88% of users are less likely to return to your app if they have a bad user experience.
Nope, that’s not a typo — a single frustrating moment with a janky interface or buggy interaction can cost you a customer forever.
Even so, it’s common for development teams in every industry to let critical UX issues slip through the cracks when launching a new feature.
They ship because everything looks good in the initial demo... but as soon as users try it, they hit errors, get confused, and eventually give up.
Which begs the question:
If the downsides are so huge... why do so many product managers let this happen?
The simple answer is:
They never experience their own software the way their customers do.
That’s why our dev teams follow a core discipline of “testing like a user.”
Instead of testing like a developer (just making sure everything technically “works”), we test like the actual people who will use the product.
Because what users really want is a UX that feels invisible, and functions so flawlessly that they never have to think about it.
That’s easier said than done, of course.
So to achieve this, we religiously adhere to a few key product management principles.

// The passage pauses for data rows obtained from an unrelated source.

Lemma swapped_in_undominated i : i <= j -> x \notin dominated (take i xs).
Proof.
have [_ _ x_new _] := adm.2 j lt_j_xs.
by move=> le_ij; apply: contra x_new; apply/subsetP/dominated_take_mono.
Qed.

Lemma swapped_out_undominated i : i <= l -> t \notin dominated (take i xs).
Proof. by move=> le_il; apply: contra t_new; apply/subsetP/dominated_take_mono. Qed.

Lemma nonadjacent_swapped_in i : i < j -> ~~ c (nth x0 xs i) x.
Proof.
move=> lt_ij.
exact: not_dominated_nth lt_ij (ltnW lt_j_xs) (swapped_in_undominated (leqnn j)).
Qed.

Lemma blockers_exchange_before i : i < l ->
  blockers (x |: (T :\ t)) (nth x0 xs i) = blockers T (nth x0 xs i).
Proof.
move=> lt_il; have le_l_xs : l <= size xs by lia.
rewrite blockers_exchange; last by apply: nonadjacent_swapped_in; lia.
apply/setP => u; rewrite !inE; case: (eqVneq u t) => [-> | //].
by rewrite (negbTE (not_dominated_nth x0 lt_il le_l_xs t_new)) andbF.
Qed.

Lemma swapped_block_unreached i : i <= l -> p t \notin reached r T (take i xs).
Proof.
have [[TJ T_inj _ _] _] := adm.
move=> le_il; rewrite in_setU1 negb_or; apply/andP; split.
  by apply: contraTneq (TJ t tT) => ->; rewrite in_setD1 eqxx.
apply/imsetP => -[s]; rewrite in_setI => /andP [sT s_dom] /(T_inj _ _ tT sT) eq_ts.
by move: (swapped_out_undominated le_il); rewrite eq_ts s_dom.
Qed.

Lemma admissible_exchange : admissible (x |: (T :\ t)) (take l.+1 xs).
Proof.
have [T_it adm_xs] := adm.
split; first exact: indep_transversal_exchange.
have le_l1_xs : l.+1 <= size xs by lia.
move=> i; rewrite size_takel // ltnS => le_il.
have lt_i_xs : i < size xs by lia.
rewrite nth_take ?ltnS // take_takel; last by lia.
rewrite reached_exchange ?swapped_out_undominated ?swapped_in_undominated //; last by lia.
have [i_reached i_free i_new i_blocked] := adm_xs i lt_i_xs.
split => //.
- move=> s; rewrite in_setU1 in_setD1 => /orP [/eqP -> | /andP [_ sT]]; last exact: i_free.
  by rewrite pxt (negbTE (swapped_block_unreached le_il)).
- by move=> lt_i1; rewrite blockers_exchange_before //; apply: i_blocked; lia.
Qed.

Lemma potential_exchange : potential (x |: (T :\ t)) (take l.+1 xs) < potential T xs.
Proof.
have le_l1_xs : l.+1 <= size xs by lia.
have lt_lJ : l < #|J| by have := admissible_size adm; lia.
apply: (nat_of_digits_lex lt_lJ) => [i _ | i lt_il |]; first exact: blocker_count_lt.
  rewrite /blocker_count size_takel // nth_take; last by lia.
  by rewrite blockers_exchange_before // !ifT //; lia.
rewrite /blocker_count size_takel // ltnSn nth_take // ifT; last by lia.
rewrite blockers_exchange; last by apply: nonadjacent_swapped_in; lia.
by rewrite (cardsD1 t (blockers T _)) inE tT first_t.
Qed.

End Exchange.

(Feel free to steal these for your own development processes!)
👉 We eat our own dog food
Not literally, thank goodness 😅
We do automated tests to catch bugs, but there’s no substitute for experiencing the product like a real customer would.
All of our team members, and especially our product managers, do “dogfooding” — frequently and proactively using the app in real-world conditions, to nip functional problems in the bud.

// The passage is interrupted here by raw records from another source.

Lemma iet_surj b y : cell b 0 1 y -> exists2 x, cell b 0 1 x & iet b x = y.
Proof.
case/(cell_locate atau_gt0 atau_sum1) => j; rewrite -!bbtau_atau.
have [i <-] : exists i, tau i = j by exists ((tau^-1)%g j); rewrite permKV.
rewrite bbtauS => yi.
have xi : cell b (bb a i) (bb a i.+1) (y - bbtau a tau (tau i) + bb a i).
  by rewrite bbS; apply: cell_translate.
exists (y - bbtau a tau (tau i) + bb a i); first exact (cell_unit a_gt0 a_sum1 xi).
by rewrite (iet_on xi); lra.
Qed.

Lemma iet_invP b y : cell b 0 1 y ->
  cell b 0 1 (iet_inv b y) /\ iet b (iet_inv b y) = y.
Proof.
case/iet_surj => x x01 xy.
by have /(xgetPex 0) : exists x, cell b 0 1 x /\ iet b x = y by exists x.
Qed.

Lemma iet_inv_dom b y : cell b 0 1 y -> cell b 0 1 (iet_inv b y).
Proof. by case/iet_invP. Qed.

Lemma iet_invK b y : cell b 0 1 y -> iet b (iet_inv b y) = y.
Proof. by case/iet_invP. Qed.

Lemma iet_K b x : cell b 0 1 x -> iet_inv b (iet b x) = x.
Proof.
move=> x01; have [y01 yE] := iet_invP (iet_dom x01).
exact: iet_inj y01 x01 yE.
Qed.

Lemma iet_pow_dom b k x : cell b 0 1 x -> cell b 0 1 (iet_pow b k x).
Proof.
move=> x01; case: k => m /=; elim: m => [|m IH] //=;
  by [apply: iet_dom | apply: iet_inv_dom | apply: iet_inv_dom x01].
Qed.

Lemma iet_pow_fix b x : cell b 0 1 x -> iet b x = x -> forall k, iet_pow b k x = x.
Proof.
move=> x01 fx; have fix_inv : iet_inv b x = x by rewrite -{1}fx iet_K.
by case=> m; rewrite /iet_pow iter_fix.
Qed.

Lemma iet_pow_succ b k x : cell b 0 1 x ->
  iet_pow b (k + 1) x = iet b (iet_pow b k x).
Proof.
move=> x01; case: k => [m|[|m]]; first by rewrite -PoszD addn1.
  by rewrite /= iet_invK.
have -> : (Negz m.+1 + 1 = Negz m)%R by rewrite !NegzE; lia.
by rewrite [RHS]/= iet_invK // (iet_pow_dom (Negz m)).
Qed.

Lemma iet_pow_pred b k x : cell b 0 1 x ->
  iet_pow b (k - 1) x = iet_inv b (iet_pow b k x).
Proof.
move=> x01; case: k => [[|m]|m] //.
  have -> : (Posz m.+1 - 1 = Posz m)%R by lia.
  by rewrite [in RHS]/= iet_K // (iet_pow_dom (Posz m)).
by have -> : (Negz m - 1 = Negz m.+1)%R by rewrite !NegzE; lia.
Qed.

Lemma iet_pow_add b (j k : int) x : cell b 0 1 x ->
  iet_pow b (j + k) x = iet_pow b j (iet_pow b k x).
Proof.
move=> x01; have k01 := iet_pow_dom k x01.
case: j => m; elim: m => [|m IH].
- by rewrite add0r.
- have -> : (Posz m.+1 + k = (Posz m + k) + 1)%R by lia.
  by rewrite iet_pow_succ // IH.
- by rewrite NegzE addrC iet_pow_pred.
- have -> : (Negz m.+1 + k = (Negz m + k) - 1)%R by rewrite !NegzE; lia.
  by rewrite iet_pow_pred // IH.
Qed.

End Exchange.

Lemma common_radius (R : realFieldType) (Q : int -> R -> Prop) (N : nat) :
  (forall k, exists2 e, 0 < e & forall d, 0 <= d < e -> Q k d) ->
  exists2 e, 0 < e & forall d, 0 <= d < e -> forall k : int, (absz k <= N)%N -> Q k d.
Proof.
move=> HQ; elim: N => [|N [e0 e0p He0]].
  have [e ep He] := HQ 0; exists e => // d Hd k.
  by rewrite leqn0 absz_eq0 => /eqP ->; apply: He.
have [e1 e1p He1] := HQ (Posz N.+1); have [e2 e2p He2] := HQ (Negz N).
exists (Num.min e0 (Num.min e1 e2)) => [|d]; first by rewrite !lt_min e0p e1p e2p.
rewrite !lt_min => /andP[d0 /and3P[de0 de1 de2]] [] m /=;
  rewrite leq_eqVlt ltnS => /orP[/eqP mN | mN].
- by rewrite mN; apply: He1; rewrite d0.
- by apply: (He0 _ _ (Posz m)); rewrite ?d0.
- by case: mN => ->; apply: He2; rewrite d0.
- by apply: (He0 _ _ (Negz m)); rewrite ?d0.
Qed.

Section LocalTranslation.
Variables (R : realType) (n : nat) (a : 'I_n -> R) (tau : {perm 'I_n}).
Hypothesis a_gt0 : forall i, 0 < a i.
Hypothesis a_sum1 : \sum_(i < n) a i = 1.

Definition side_translation (b : bool) (f : R -> R) : Prop :=
  forall y, cell b 0 1 y ->
  exists2 e, 0 < e & forall d, 0 <= d < e -> f (y + push b d) = f y + push b d.

Lemma side_translation_comp b (f g : R -> R) :
  (forall y, cell b 0 1 y -> cell b 0 1 (g y)) ->
  side_translation b f -> side_translation b g -> side_translation b (f \o g).
Proof.
move=> g01 Hf Hg y y01; have [e1 e1p He1] := Hg y y01.
have [e2 e2p He2] := Hf (g y) (g01 y y01).
exists (Num.min e1 e2) => [|d]; first by rewrite lt_min e1p e2p.
by rewrite !lt_min => /andP[d0 /andP[de1 de2]] /=; rewrite He1 ?d0 // He2 ?d0.
Qed.

Lemma iet_translation b : side_translation b (iet a tau b).
Proof.
move=> y /(cell_locate a_gt0 a_sum1) [i yi]; have [e ep He] := cell_push yi.
exists e => // d /He ydi; rewrite (iet_on tau a_gt0 ydi) (iet_on tau a_gt0 yi); lra.
Qed.

Lemma iet_inv_translation b : side_translation b (iet_inv a tau b).
Proof.
move=> y y01; have x01 := iet_inv_dom tau a_gt0 a_sum1 y01.
have [i xi] := cell_locate a_gt0 a_sum1 x01; have [e ep He] := cell_push xi.
exists e => // d /He xdi.
have <- : iet a tau b (iet_inv a tau b y + push b d) = y + push b d.
  rewrite (iet_on tau a_gt0 xdi) -{2}(iet_invK tau a_gt0 a_sum1 y01).
  by rewrite (iet_on tau a_gt0 xi); lra.
exact (iet_K tau a_gt0 a_sum1 (cell_unit a_gt0 a_sum1 xdi)).
Qed.

Lemma iet_pow_translation b k : side_translation b (iet_pow a tau b k).
Proof.
have comp f m : side_translation b f ->
    side_translation b (iet_pow a tau b m) ->
    side_translation b (f \o iet_pow a tau b m).
  by apply: side_translation_comp => y; apply: iet_pow_dom.
have pow0 : side_translation b (iet_pow a tau b 0) by move=> y _; exists 1.
case: k => m; elim: m => [|m IH] //.
- exact: comp _ (Posz m) (@iet_translation b) IH.
- exact: comp _ 0 (@iet_inv_translation b) pow0.
- exact: comp _ (Negz m) (@iet_inv_translation b) IH.
Qed.

Definition itin_at (b : bool) (x : R) (k : int) (i : 'I_n) : bool :=
  cell b (bb a i) (bb a i.+1) (iet_pow a tau b k x).

Lemma itin_at_uniq b x k (i j : 'I_n) : itin_at b x k i -> itin_at b x k j -> i = j.
Proof. exact: (@cell_uniq _ _ _ a_gt0 b i j). Qed.

Lemma itin_exists b x : cell b 0 1 x ->
  exists w : Omega n, forall k, itin_at b x k (w k).
Proof.
move=> x01.
have letter k := cell_locate a_gt0 a_sum1 (iet_pow_dom tau a_gt0 a_sum1 k x01).
by have [w Hw] := choice letter; exists (w : Omega n).
Qed.

Lemma itin_at_push b x k i : cell b 0 1 x -> itin_at b x k i ->
  exists2 e, 0 < e & forall d, 0 <= d < e -> itin_at b (x + push b d) k i.
Proof.
move=> x01 xki; have [e1 e1p He1] := @iet_pow_translation b k x x01.
have [e2 e2p He2] := cell_push xki.
exists (Num.min e1 e2) => [|d]; first by rewrite lt_min e1p e2p.
by rewrite !lt_min => /andP[d0 /andP[de1 de2]]; rewrite /itin_at He1 ?d0 // He2 ?d0.
Qed.

Lemma itin_window b x (w : Omega n) (N : nat) : cell b 0 1 x ->
  (forall k, itin_at b x k (w k)) ->
  exists2 e, 0 < e & forall d, 0 <= d < e ->
    forall k : int, (absz k <= N)%N -> itin_at b (x + push b d) k (w k).
Proof. by move=> x01 Hw; apply: common_radius => k; apply: itin_at_push. Qed.

End LocalTranslation.

(* A point of R avoids every cut point b_j along its whole
   orbit, so T and ~T agree on that orbit and its two itineraries coincide. *)
Section GenericPoints.
Variables (R : realType) (n : nat) (a : 'I_n -> R) (tau : {perm 'I_n}).
Hypothesis a_gt0 : forall i, 0 < a i.
Hypothesis a_sum1 : \sum_(i < n) a i = 1.

Lemma n_gt0 : (0 < n)%N.
Proof.
case: (posnP n) => // n0; move: a_sum1; rewrite big_pred0 => [/eqP|[i]].
  by rewrite eq_sym oner_eq0.
by rewrite n0.
Qed.

Lemma Dset_cut (j : nat) : (0 < j < n)%N -> Dset a (bb a j).
Proof. by case/andP => j0 jn; exists j => //=; apply/andP; split; lia. Qed.

(* The orbits of all cut points (including b_0 = 0) lie in D_oo: the
   preimage of 0 under T is a left endpoint b_i, and either i = 0 and 0 is
   fixed, or 0 is the image of the cut point b_i. *)
Lemma Dinf_cut_orbit (j : nat) (k : int) :
  (j < n)%N -> Dinf a tau (Tpow a tau k (bb a j)).
Proof.
move=> jn; case: (posnP j) => [-> | j_gt0]; last first.
  by right; exists k => //; exists (bb a j) => //; apply: Dset_cut; rewrite j_gt0.
have unit0 : cell true 0 1 (0 : R) by rewrite /= lexx ltr01.
have [z01 Tz] := iet_invP tau a_gt0 a_sum1 unit0.
set z := iet_inv a tau true 0 in z01 Tz.
have [i zi] := cell_locate a_gt0 a_sum1 z01.
have zE : z = bb a i.
  have := bb_le (atau_gt0 tau a_gt0) (leq0n (tau i)); rewrite bb0 -bbtau_atau => b_ge0.
  by rewrite (iet_on tau a_gt0 zi) in Tz; move: zi => /= /andP[zl _]; lra.
rewrite bb0 Tpow_iet; case: (posnP i) => [i0 | i_gt0].
  have T0 : iet a tau true 0 = 0 by rewrite -{1}(bb0 a) -i0 -zE.
  by left; left; rewrite iet_pow_fix.
right; exists (k + 1) => //; exists z.
  by rewrite zE; apply: Dset_cut; rewrite i_gt0 /=.
by rewrite Tpow_iet iet_pow_add // -Tz.
Qed.

Definition off_cuts (x : R) : Prop :=
  0 < x < 1 /\ forall j : nat, (j < n)%N -> x <> bb a j.

Lemma Rgood_unit y : Rgood a tau y -> 0 < y < 1.
Proof.
case=> /andP[y0 y1] notD.
have y0' : y != 0 by apply/eqP => E; apply: notD; left; left.
have y1' : y != 1 by apply/eqP => E; apply: notD; left; right.
by rewrite lt_neqAle eq_sym y0' y0 lt_neqAle y1' y1.
Qed.

Lemma Rgood_cell b y : Rgood a tau y -> cell b 0 1 y.
Proof. by move/Rgood_unit => /andP[y0 y1]; case: b; rewrite /= ?y0 ?y1 ?ltW. Qed.

Lemma Rgood_off_cuts y k : Rgood a tau y -> off_cuts (Tpow a tau k y).
Proof.
move=> yR; have y01 := Rgood_cell true yR.
have notcut j : (j < n)%N -> Tpow a tau k y <> bb a j.
  move=> jn E; case: yR => _; apply.
  have -> : y = Tpow a tau (- k) (bb a j).
    by rewrite -E Tpow_iet -iet_pow_add // addNr.
  exact: Dinf_cut_orbit.
split=> //; have := iet_pow_dom tau a_gt0 a_sum1 k y01; rewrite /= => /andP[yk0 ->].
rewrite andbT lt_neqAle yk0 andbT; apply/eqP => E.
by apply: (notcut 0%N n_gt0); rewrite bb0 E.
Qed.

Lemma off_cuts_cell x (i : 'I_n) : off_cuts x ->
  cell true (bb a i) (bb a i.+1) x = cell false (bb a i) (bb a i.+1) x.
Proof.
case=> /andP[_ x1] notcut.
have xi : x != bb a i by apply/eqP/notcut.
have xi1 : x != bb a i.+1.
  case: (ltnP i.+1 n) => [in1 | ni]; first exact/eqP/notcut.
  by rewrite (bb_top a_sum1 ni) lt_eqF.
by rewrite !cell_interior.
Qed.

Lemma iet_off_cuts x : off_cuts x -> iet a tau false x = iet a tau true x.
Proof.
move=> xoff; have [/andP[x0 x1] _] := xoff.
have x01 : cell true 0 1 x by rewrite /= ltW.
have [i xi] := cell_locate a_gt0 a_sum1 x01.
by rewrite (iet_on tau a_gt0 xi) (iet_on tau a_gt0 (b := false) (i := i)) -?off_cuts_cell.
Qed.

Lemma iet_inv_off_cuts p : cell true 0 1 p -> off_cuts (iet_inv a tau true p) ->
  iet_inv a tau false p = iet_inv a tau true p.
Proof.
move=> p01 qoff; have [/andP[q0 q1] _] := qoff.
rewrite -{1}(iet_invK tau a_gt0 a_sum1 p01) -iet_off_cuts // iet_K //.
by rewrite /= q0 ltW.
Qed.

👉 We test for different types of users
Users aren’t a monolith. They interact with apps in different ways.
So we always start by clearly identifying who we’re simulating and what their goals would be.

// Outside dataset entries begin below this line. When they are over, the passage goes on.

(* Let $k_s>0$ and $c_\sigma>0$ with $c_\sigma\neq 1$, and let $\eta$ be a random variable on $(0,\infty)$ with probability density $$f_\eta(\eta)=e^{-k_s^2}\,(1+k_s^2)\,c_\sigma\; e^{\frac{\eta k_s^2}{\eta+c_\sigma}}\;\frac{\eta+\frac{c_\sigma}{1+k_s^2}}{(\eta+c_\sigma)^3},\qquad \eta>0 .$$ Then the average channel capacity per unit bandwidth $\bar C_{h,u}=\mathbb{E}[\log_2(1+\eta)]=\int_0^\infty \log_2(1+\eta)f_\eta(\eta)\,d\eta$ equals $$\bar C_{h,u}=\frac{1}{\log 2}\left(\log\!\left(c_\sigma k_s^2\right)+E_1(k_s^2)+\zeta+\frac{e^{-\frac{c_\sigma k_s^2}{c_\sigma-1}}}{c_\sigma-1}\left(\mathrm{Ei}\!\left(\frac{c_\sigma k_s^2}{c_\sigma-1}\right)-\mathrm{Ei}\!\left(\frac{k_s^2}{c_\sigma-1}\right)\right)\right),$$ where $E_1(x)=\int_x^\infty \frac{e^{-t}}{t}\,dt$ for $x>0$, $\mathrm{Ei}(x)=-\,\mathrm{PV}\!\int_{-x}^{\infty}\frac{e^{-t}}{t}\,dt$ is the standard (principal value) exponential integral, $\zeta\approx 0.577$ is the Euler–Mascheroni constant, and $\log$ is the natural logarithm.
   Context: Setting: a user $UE0$ is served by two cooperating antenna arrays with zero-forcing position-based joint transmit precoding over Rician channels with factor $K$; its SINR is $\eta=|x_s|^2/|x_I|^2$ with $x_s$ the signal component and $x_I$ the interference-plus-noise component. For fixed channel statistics and fixed user/interferer locations, the paper approximates $x_s$ by a complex Gaussian $\mathcal{CN}(\mu_s,\sigma_s^2)$ and $x_I$ by an independent $\mathcal{CN}(0,\sigma_I^2)$ (moment matching of Gaussian mixtures), which yields the density of $\eta$ displayed in the claim, with $k_s=|\mu_s|/\sigma_s$ (ratio of the absolute mean signal amplitude to its standard deviation) and $c_\sigma=\sigma_s^2/\sigma_I^2$ (ratio of signal variance to interference-plus-noise variance). The average channel capacity per unit bandwidth is $\mathbb{E}[\log_2(1+\eta)]$ under this density. *)

From Stdlib Require Import Reals.
From Coquelicot Require Import Coquelicot.
Open Scope R_scope.

Definition expint_integrand (t : R) : R := exp (- t) / t.

Definition ExpInt_E1 (x : R) : R :=
  RInt_gen expint_integrand (at_point x) (Rbar_locally p_infty).

(* Integral of e^{-t}/t over [a, +oo) minus the open hole (-eps, eps), eps > 0. *)
Definition pv_piece (a eps : R) : R :=
  if Rle_dec eps a then
    RInt_gen expint_integrand (at_point a) (Rbar_locally p_infty)
  else if Rle_dec a (- eps) then
    RInt expint_integrand a (- eps)
    + RInt_gen expint_integrand (at_point eps) (Rbar_locally p_infty)
  else
    RInt_gen expint_integrand (at_point eps) (Rbar_locally p_infty).

(* ExpInt_Ei(x) = - PV int_{-x}^oo e^{-t}/t dt, the principal value being
   lim_{eps -> 0+} of pv_piece (-x) eps (written as a two-sided punctured
   limit of eps |-> pv_piece (-x) |eps|, which is the same limit). *)
Definition ExpInt_Ei (x : R) : R :=
  - real (Lim (fun eps => pv_piece (- x) (Rabs eps)) 0).

Definition euler_gamma : R :=
  real (Lim_seq (fun n => sum_f_R0 (fun k => / INR (S k)) n - ln (INR (S n)))).

Definition log2 (x : R) : R := ln x / ln 2.

Definition f_eta (ks cs eta : R) : R :=
  exp (- ks ^ 2) * (1 + ks ^ 2) * cs * exp (eta * ks ^ 2 / (eta + cs))
  * (eta + cs / (1 + ks ^ 2)) / (eta + cs) ^ 3.

From Stdlib Require Import Reals Lra Lia.
From Coquelicot Require Import Coquelicot.
Open Scope R_scope.

(* With a = ks^2 and c = cs, eta has distribution function F(x) = x/(x+c) e^(-ac/(x+c)).
   Integrating log2(1+x) by parts against F leaves (1 - F(x))/(1+x), which has an explicit
   primitive built from logarithms and the entire function Ein z = int_0^z (1 - e^(-t))/t dt;
   the capacity is the difference of the limits of this primitive at +oo and at 0.
   To compare with the statement, E_1 and Ei are expressed through Ein: ln|t| - Ein t is a
   primitive of e^(-t)/t on both half-lines, so E_1(x) = -gamma - (ln x - Ein x) and
   Ei(x) = gamma + ln|x| - Ein(-x), once one knows that ln x - Ein x tends to -gamma. That
   limit comes from 0 <= H_N - Ein N <= 1/N, obtained by comparing (1 - t/N)^N with e^(-t)
   inside H_N = int_0^N (1 - (1 - t/N)^N)/t dt. *)

Lemma is_derive_nonneg_le (f df : R -> R) (a b : R) : a <= b ->
  (forall x, a <= x <= b -> is_derive f x (df x)) ->
  (forall x, a <= x <= b -> 0 <= df x) -> f a <= f b.
Proof.
  intros Hab Hd Hpos.
  destruct (MVT_gen f a b df) as [c [Hc Hfc]].
  - intros x Hx. rewrite Rmin_left, Rmax_right in Hx by lra. apply Hd; lra.
  - intros x Hx. rewrite Rmin_left, Rmax_right in Hx by lra.
    apply continuity_pt_filterlim, (@ex_derive_continuous R_AbsRing R_NormedModule).
    exists (df x). apply Hd; lra.
  - rewrite Rmin_left, Rmax_right in Hc by lra.
    assert (0 <= df c * (b - a)) by (apply Rmult_le_pos; [apply Hpos|]; lra).
    lra.
Qed.

Lemma is_RInt_gen_derive {Fa Fb : (R -> Prop) -> Prop} {FFa : Filter Fa} {FFb : Filter Fb}
  (f F : R -> R) (la lb : R) :
  filter_prod Fa Fb (fun ab => forall x, Rmin (fst ab) (snd ab) <= x <= Rmax (fst ab) (snd ab) ->
    is_derive F x (f x) /\ continuous f x) ->
  filterlim F Fa (locally la) -> filterlim F Fb (locally lb) ->
  is_RInt_gen f Fa Fb (lb - la).
Proof.
  intros HF Ha Hb.
  apply filterlimi_lim_ext_loc with (f := fun ab => plus (F (snd ab)) (opp (F (fst ab)))).
  - apply filter_imp with (2 := HF). intros [a b] Hab.
    apply (is_RInt_derive F f a b); intros; apply Hab; auto.
  - apply (filterlim_comp_2 (G := locally lb) (H := locally (opp la))
             (fun ab => F (snd ab)) (fun ab => opp (F (fst ab))) plus).
    + apply filterlim_comp with (2 := Hb). apply filterlim_snd.
    + apply filterlim_comp with (G := locally la).
      * apply filterlim_comp with (2 := Ha). apply filterlim_fst.
      * apply (@filterlim_opp R_AbsRing R_NormedModule la).
    + apply (filterlim_plus lb (opp la)).
Qed.

Lemma nondecreasing_is_lim_pinfty (f : R -> R) (l : R) :
  (forall x y, 0 < x -> x <= y -> f x <= f y) ->
  is_lim_seq (fun n => f (INR (S n))) l ->
  filterlim f (Rbar_locally p_infty) (locally l).
Proof.
  intros Hf Hl.
  assert (Hle : forall n, f (INR (S n)) <= l).
  { apply is_lim_seq_incr_compare; [exact Hl|].
    intros n. apply Hf; [apply lt_0_INR; lia | apply le_INR; lia]. }
  apply filterlim_locally. intros eps.
  destruct (Hl (ball l eps) (locally_ball l eps)) as [N HN].
  exists (INR (S N)). intros y Hy.
  destruct (INR_unbounded y) as [m Hm].
  assert (Hlow : f (INR (S N)) <= f y) by (apply Hf; [apply lt_0_INR; lia | lra]).
  assert (Hup : f y <= f (INR (S m))).
  { apply Hf; [|rewrite S_INR; lra]. apply Rlt_trans with (INR (S N)); [apply lt_0_INR; lia | lra]. }
  specialize (HN N (Nat.le_refl N)). specialize (Hle m).
  change (Rabs (f (INR (S N)) - l) < eps) in HN. change (Rabs (f y - l) < eps).
  rewrite Rabs_left1 in HN |- *; lra.
Qed.

Lemma pow_ge_bernoulli (y : R) (m : nat) : -1 <= y -> 1 + INR m * y <= (1 + y) ^ m.
Proof.
  intros Hy. induction m as [|m IH]; [simpl; lra|].
  rewrite S_INR, <- tech_pow_Rmult. assert (0 <= INR m) by apply pos_INR. nra.
Qed.

Definition exprel (x : R) : R := if Req_EM_T x 0 then 1 else (exp x - 1) / x.

Lemma exprel_0 : exprel 0 = 1.
Proof. unfold exprel. destruct (Req_EM_T 0 0); [reflexivity | contradiction]. Qed.

Lemma exprel_nz (x : R) : x <> 0 -> exprel x = (exp x - 1) / x.
Proof. intros Hx. unfold exprel. destruct (Req_EM_T x 0); [contradiction | reflexivity]. Qed.

Lemma mul_exprel (x : R) : x * exprel x = exp x - 1.
Proof.
  destruct (Req_dec x 0) as [->|Hx].
  - rewrite exprel_0, exp_0. ring.
  - rewrite exprel_nz by exact Hx. field. exact Hx.
Qed.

We outline multiple personas and scenarios, and then walk through each one step-by-step to make sure we’re fulfilling their needs.
For example, if we’re building an e-commerce app, one persona might be “Online Shopper Owen” whose goal is to find and purchase a product as quickly as possible.
Then we’d test the flow of searching for items, adding to cart, and checking out, looking for inefficiencies Owen might run into along the way.
👉 We maintain a beginner’s mindset
Our team deliberately puts aside their insider knowledge and assumptions when testing.
They know that if something isn’t obvious to them, then it definitely won’t be obvious to the customer.
They also note little frustrations that pile up during regular use, like a sluggish interface. Because if it’s even mildly annoying to a dev, the end user will feel it 10x more.
👉 We try to break everything manually
Automated scripts that test for ideal scenarios (where users do every interaction correctly) frequently miss edge-case bugs. To find them, you need humans to wander off the beaten path.
In the real world, users enter unexpected data, or click weird button combinations, or use ancient browsers on slow connections 🤷♂️
So we simulate all of that by hand wherever possible.
Testing like a user is a powerful technique, because it massively improves product quality without necessarily requiring a formal user research lab or a big QA team.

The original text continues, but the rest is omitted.